In the listing below, locate the line that contains "hform (rw (3" and the line that contains "move=> P0; have u := LP_IP P0.". Restate word for word those two lines and every line between them, and nothing else.
[Start of Attachment]
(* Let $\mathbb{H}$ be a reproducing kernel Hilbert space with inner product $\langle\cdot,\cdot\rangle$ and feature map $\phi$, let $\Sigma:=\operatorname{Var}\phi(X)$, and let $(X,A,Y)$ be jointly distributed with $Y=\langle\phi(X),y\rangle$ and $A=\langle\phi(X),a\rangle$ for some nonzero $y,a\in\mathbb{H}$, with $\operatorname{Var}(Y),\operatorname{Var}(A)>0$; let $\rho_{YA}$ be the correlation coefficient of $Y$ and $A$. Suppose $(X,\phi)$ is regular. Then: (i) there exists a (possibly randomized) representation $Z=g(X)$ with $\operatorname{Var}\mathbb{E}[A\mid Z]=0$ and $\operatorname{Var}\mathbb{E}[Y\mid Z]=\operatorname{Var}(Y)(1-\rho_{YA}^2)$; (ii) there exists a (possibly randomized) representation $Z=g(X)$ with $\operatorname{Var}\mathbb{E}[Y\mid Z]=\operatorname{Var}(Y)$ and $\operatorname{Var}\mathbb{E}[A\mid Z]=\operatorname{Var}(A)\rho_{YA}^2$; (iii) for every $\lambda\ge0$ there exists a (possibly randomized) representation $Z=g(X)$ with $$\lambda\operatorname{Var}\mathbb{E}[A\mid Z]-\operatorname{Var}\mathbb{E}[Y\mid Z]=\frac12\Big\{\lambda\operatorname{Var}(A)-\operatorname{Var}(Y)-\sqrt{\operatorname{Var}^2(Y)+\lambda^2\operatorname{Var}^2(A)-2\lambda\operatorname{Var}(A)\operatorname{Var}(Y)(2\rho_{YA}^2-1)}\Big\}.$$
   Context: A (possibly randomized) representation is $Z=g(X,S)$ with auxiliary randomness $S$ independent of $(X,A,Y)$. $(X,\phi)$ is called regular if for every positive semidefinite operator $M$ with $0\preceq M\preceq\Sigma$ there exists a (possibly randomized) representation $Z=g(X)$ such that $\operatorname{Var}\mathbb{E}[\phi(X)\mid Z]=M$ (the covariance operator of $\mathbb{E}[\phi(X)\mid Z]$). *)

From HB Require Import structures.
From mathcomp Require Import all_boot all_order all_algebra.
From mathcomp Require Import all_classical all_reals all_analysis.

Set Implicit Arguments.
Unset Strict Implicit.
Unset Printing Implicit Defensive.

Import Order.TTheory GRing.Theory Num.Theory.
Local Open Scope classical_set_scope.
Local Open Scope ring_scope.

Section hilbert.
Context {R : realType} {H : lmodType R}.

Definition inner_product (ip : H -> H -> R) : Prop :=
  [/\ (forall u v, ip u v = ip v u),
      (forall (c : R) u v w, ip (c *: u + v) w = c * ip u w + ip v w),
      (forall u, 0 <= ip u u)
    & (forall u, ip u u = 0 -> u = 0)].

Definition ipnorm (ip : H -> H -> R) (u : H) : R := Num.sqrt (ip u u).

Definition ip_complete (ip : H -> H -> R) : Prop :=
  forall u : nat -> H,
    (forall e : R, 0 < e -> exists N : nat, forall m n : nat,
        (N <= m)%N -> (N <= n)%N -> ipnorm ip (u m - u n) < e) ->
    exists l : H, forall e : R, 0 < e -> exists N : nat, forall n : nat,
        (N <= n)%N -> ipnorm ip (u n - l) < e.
[End of Attachment]
[Start of Attachment]
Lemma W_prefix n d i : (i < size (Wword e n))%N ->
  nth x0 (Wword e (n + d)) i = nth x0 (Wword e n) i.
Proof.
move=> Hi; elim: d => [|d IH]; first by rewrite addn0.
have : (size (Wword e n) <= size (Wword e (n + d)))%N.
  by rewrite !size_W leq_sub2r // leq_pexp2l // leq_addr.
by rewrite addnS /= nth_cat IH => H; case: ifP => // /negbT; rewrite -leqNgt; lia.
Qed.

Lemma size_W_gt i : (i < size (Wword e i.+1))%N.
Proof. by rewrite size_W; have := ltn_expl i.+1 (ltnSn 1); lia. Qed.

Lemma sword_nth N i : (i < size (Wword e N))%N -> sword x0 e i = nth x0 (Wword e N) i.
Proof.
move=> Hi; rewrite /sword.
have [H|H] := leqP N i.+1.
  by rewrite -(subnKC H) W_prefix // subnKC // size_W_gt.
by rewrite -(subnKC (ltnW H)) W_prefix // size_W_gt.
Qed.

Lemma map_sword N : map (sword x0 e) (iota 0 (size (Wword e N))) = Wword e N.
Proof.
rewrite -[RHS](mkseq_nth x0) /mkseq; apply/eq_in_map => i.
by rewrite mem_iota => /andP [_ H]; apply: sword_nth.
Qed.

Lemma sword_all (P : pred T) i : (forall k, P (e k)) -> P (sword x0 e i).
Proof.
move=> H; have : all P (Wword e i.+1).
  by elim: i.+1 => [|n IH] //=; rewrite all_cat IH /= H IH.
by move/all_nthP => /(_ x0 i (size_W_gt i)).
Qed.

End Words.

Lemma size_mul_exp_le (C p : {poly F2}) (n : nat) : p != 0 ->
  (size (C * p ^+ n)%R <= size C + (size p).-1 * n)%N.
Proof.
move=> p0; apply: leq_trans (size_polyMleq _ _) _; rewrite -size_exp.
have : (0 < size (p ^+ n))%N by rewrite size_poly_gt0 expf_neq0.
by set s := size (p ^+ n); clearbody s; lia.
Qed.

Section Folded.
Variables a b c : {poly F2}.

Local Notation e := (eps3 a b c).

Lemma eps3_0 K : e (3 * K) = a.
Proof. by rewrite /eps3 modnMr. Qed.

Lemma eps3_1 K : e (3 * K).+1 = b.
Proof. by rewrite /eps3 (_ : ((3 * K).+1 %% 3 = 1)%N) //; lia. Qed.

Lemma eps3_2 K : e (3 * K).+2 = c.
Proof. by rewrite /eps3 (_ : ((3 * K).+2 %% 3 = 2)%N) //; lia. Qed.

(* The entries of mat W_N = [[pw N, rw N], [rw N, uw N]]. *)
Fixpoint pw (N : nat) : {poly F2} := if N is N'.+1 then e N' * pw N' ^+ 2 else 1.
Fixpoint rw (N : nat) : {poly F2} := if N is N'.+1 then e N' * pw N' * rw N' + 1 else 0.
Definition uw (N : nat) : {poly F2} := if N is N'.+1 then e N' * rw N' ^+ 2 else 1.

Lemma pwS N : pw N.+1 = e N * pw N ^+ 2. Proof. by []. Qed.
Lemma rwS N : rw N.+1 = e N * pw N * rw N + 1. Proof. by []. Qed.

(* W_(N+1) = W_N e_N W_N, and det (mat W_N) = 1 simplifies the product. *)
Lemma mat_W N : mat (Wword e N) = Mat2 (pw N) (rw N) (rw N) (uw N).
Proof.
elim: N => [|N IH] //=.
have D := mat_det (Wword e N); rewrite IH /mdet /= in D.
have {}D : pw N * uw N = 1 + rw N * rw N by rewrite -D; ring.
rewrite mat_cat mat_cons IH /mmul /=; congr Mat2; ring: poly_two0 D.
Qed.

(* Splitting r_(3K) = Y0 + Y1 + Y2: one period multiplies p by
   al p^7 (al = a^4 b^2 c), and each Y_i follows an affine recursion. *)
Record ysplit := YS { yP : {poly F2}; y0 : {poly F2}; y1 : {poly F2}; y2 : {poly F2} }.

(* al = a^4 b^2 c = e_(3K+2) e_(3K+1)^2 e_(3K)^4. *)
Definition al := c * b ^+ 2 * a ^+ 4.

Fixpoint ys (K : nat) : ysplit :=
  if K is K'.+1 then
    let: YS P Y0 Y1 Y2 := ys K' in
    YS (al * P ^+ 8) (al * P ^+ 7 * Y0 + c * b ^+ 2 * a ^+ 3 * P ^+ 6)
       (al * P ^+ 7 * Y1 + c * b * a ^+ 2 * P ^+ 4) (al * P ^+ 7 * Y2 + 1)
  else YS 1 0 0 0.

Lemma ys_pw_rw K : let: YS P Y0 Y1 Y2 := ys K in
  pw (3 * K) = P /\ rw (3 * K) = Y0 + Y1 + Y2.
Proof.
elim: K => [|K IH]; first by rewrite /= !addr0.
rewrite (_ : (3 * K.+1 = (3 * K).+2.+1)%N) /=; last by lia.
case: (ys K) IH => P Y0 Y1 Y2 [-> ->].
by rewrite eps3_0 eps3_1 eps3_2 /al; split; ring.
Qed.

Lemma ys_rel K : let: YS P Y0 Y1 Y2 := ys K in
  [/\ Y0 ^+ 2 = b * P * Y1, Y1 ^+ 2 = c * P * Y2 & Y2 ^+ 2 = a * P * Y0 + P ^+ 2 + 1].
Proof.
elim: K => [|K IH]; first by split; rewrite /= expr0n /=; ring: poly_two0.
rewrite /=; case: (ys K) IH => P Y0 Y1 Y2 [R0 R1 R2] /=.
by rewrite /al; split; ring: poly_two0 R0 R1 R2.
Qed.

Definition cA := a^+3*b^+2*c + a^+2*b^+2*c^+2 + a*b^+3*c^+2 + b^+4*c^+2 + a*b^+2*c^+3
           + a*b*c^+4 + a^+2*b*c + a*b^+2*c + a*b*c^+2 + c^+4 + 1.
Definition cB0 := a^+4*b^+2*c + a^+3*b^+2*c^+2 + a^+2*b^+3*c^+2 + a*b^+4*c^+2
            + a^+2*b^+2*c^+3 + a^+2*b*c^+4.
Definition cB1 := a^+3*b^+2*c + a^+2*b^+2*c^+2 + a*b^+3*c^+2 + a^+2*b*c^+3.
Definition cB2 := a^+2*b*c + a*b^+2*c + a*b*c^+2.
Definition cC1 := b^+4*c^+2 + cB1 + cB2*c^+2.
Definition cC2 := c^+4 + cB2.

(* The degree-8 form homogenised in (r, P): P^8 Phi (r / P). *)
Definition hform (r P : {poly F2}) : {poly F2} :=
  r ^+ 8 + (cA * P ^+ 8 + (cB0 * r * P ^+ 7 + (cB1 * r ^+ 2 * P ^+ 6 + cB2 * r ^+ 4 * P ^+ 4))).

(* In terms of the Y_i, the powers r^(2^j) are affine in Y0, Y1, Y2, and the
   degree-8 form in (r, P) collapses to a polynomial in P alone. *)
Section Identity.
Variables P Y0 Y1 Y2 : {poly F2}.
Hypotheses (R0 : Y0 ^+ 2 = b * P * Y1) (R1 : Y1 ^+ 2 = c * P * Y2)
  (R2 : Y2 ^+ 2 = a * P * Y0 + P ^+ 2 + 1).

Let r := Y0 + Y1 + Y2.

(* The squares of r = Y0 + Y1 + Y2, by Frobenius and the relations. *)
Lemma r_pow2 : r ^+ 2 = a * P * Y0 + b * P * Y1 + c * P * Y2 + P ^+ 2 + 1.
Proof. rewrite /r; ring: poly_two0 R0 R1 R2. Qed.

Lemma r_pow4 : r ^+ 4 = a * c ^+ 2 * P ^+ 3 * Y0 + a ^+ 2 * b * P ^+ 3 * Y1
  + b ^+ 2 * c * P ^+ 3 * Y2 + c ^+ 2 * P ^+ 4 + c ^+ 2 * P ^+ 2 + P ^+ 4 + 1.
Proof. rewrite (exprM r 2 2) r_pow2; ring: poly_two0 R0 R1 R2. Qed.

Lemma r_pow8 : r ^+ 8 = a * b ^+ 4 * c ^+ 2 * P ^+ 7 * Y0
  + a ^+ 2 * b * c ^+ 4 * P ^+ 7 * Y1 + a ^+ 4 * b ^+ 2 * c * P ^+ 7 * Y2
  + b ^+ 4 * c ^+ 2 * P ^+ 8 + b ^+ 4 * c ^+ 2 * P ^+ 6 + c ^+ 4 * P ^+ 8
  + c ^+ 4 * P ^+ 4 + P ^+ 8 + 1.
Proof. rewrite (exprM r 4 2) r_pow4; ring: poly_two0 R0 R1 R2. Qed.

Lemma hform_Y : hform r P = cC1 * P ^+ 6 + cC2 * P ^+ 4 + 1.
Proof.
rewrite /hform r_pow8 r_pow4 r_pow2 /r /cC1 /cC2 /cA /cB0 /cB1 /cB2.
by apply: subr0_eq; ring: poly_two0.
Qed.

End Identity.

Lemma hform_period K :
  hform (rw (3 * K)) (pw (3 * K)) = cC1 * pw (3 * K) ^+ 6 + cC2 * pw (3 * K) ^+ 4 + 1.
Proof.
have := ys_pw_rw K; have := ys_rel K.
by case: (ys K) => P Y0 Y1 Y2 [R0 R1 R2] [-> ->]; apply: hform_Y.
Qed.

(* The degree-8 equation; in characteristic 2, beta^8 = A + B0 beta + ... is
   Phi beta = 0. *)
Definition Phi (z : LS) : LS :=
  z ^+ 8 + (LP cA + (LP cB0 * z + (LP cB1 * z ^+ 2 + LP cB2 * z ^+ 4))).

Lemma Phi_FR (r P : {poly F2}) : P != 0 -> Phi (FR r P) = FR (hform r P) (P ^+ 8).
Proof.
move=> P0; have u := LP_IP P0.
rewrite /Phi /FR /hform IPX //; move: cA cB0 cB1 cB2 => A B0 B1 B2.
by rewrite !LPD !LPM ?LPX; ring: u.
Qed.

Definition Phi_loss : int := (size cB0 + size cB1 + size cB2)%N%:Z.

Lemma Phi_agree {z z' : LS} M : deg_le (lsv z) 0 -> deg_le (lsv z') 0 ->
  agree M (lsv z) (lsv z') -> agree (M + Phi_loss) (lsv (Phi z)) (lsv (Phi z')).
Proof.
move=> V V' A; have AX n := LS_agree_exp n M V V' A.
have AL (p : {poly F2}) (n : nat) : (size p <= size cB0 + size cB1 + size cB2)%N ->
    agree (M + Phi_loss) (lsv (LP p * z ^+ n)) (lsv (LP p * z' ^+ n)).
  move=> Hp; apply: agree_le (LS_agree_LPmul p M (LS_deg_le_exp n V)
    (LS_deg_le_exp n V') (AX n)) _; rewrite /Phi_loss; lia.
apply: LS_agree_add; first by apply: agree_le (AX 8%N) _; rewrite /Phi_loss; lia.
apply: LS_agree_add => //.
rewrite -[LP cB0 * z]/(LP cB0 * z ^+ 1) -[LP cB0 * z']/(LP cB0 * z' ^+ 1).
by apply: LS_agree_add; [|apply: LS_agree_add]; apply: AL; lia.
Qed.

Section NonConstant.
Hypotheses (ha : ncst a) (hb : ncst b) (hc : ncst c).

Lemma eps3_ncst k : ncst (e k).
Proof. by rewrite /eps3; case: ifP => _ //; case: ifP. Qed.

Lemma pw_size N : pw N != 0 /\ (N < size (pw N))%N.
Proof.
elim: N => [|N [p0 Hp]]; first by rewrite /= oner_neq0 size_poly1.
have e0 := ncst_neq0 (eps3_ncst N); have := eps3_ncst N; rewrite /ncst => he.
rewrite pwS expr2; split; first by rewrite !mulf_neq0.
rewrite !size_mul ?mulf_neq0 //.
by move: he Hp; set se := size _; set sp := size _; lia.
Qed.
[End of Attachment]
_WORKED SOLUTION:_
  hform (rw (3 * K)) (pw (3 * K)) = cC1 * pw (3 * K) ^+ 6 + cC2 * pw (3 * K) ^+ 4 + 1.
Proof.
have := ys_pw_rw K; have := ys_rel K.
by case: (ys K) => P Y0 Y1 Y2 [R0 R1 R2] [-> ->]; apply: hform_Y.
Qed.

(* The degree-8 equation; in characteristic 2, beta^8 = A + B0 beta + ... is
   Phi beta = 0. *)
Definition Phi (z : LS) : LS :=
  z ^+ 8 + (LP cA + (LP cB0 * z + (LP cB1 * z ^+ 2 + LP cB2 * z ^+ 4))).

Lemma Phi_FR (r P : {poly F2}) : P != 0 -> Phi (FR r P) = FR (hform r P) (P ^+ 8).
Proof.
move=> P0; have u := LP_IP P0.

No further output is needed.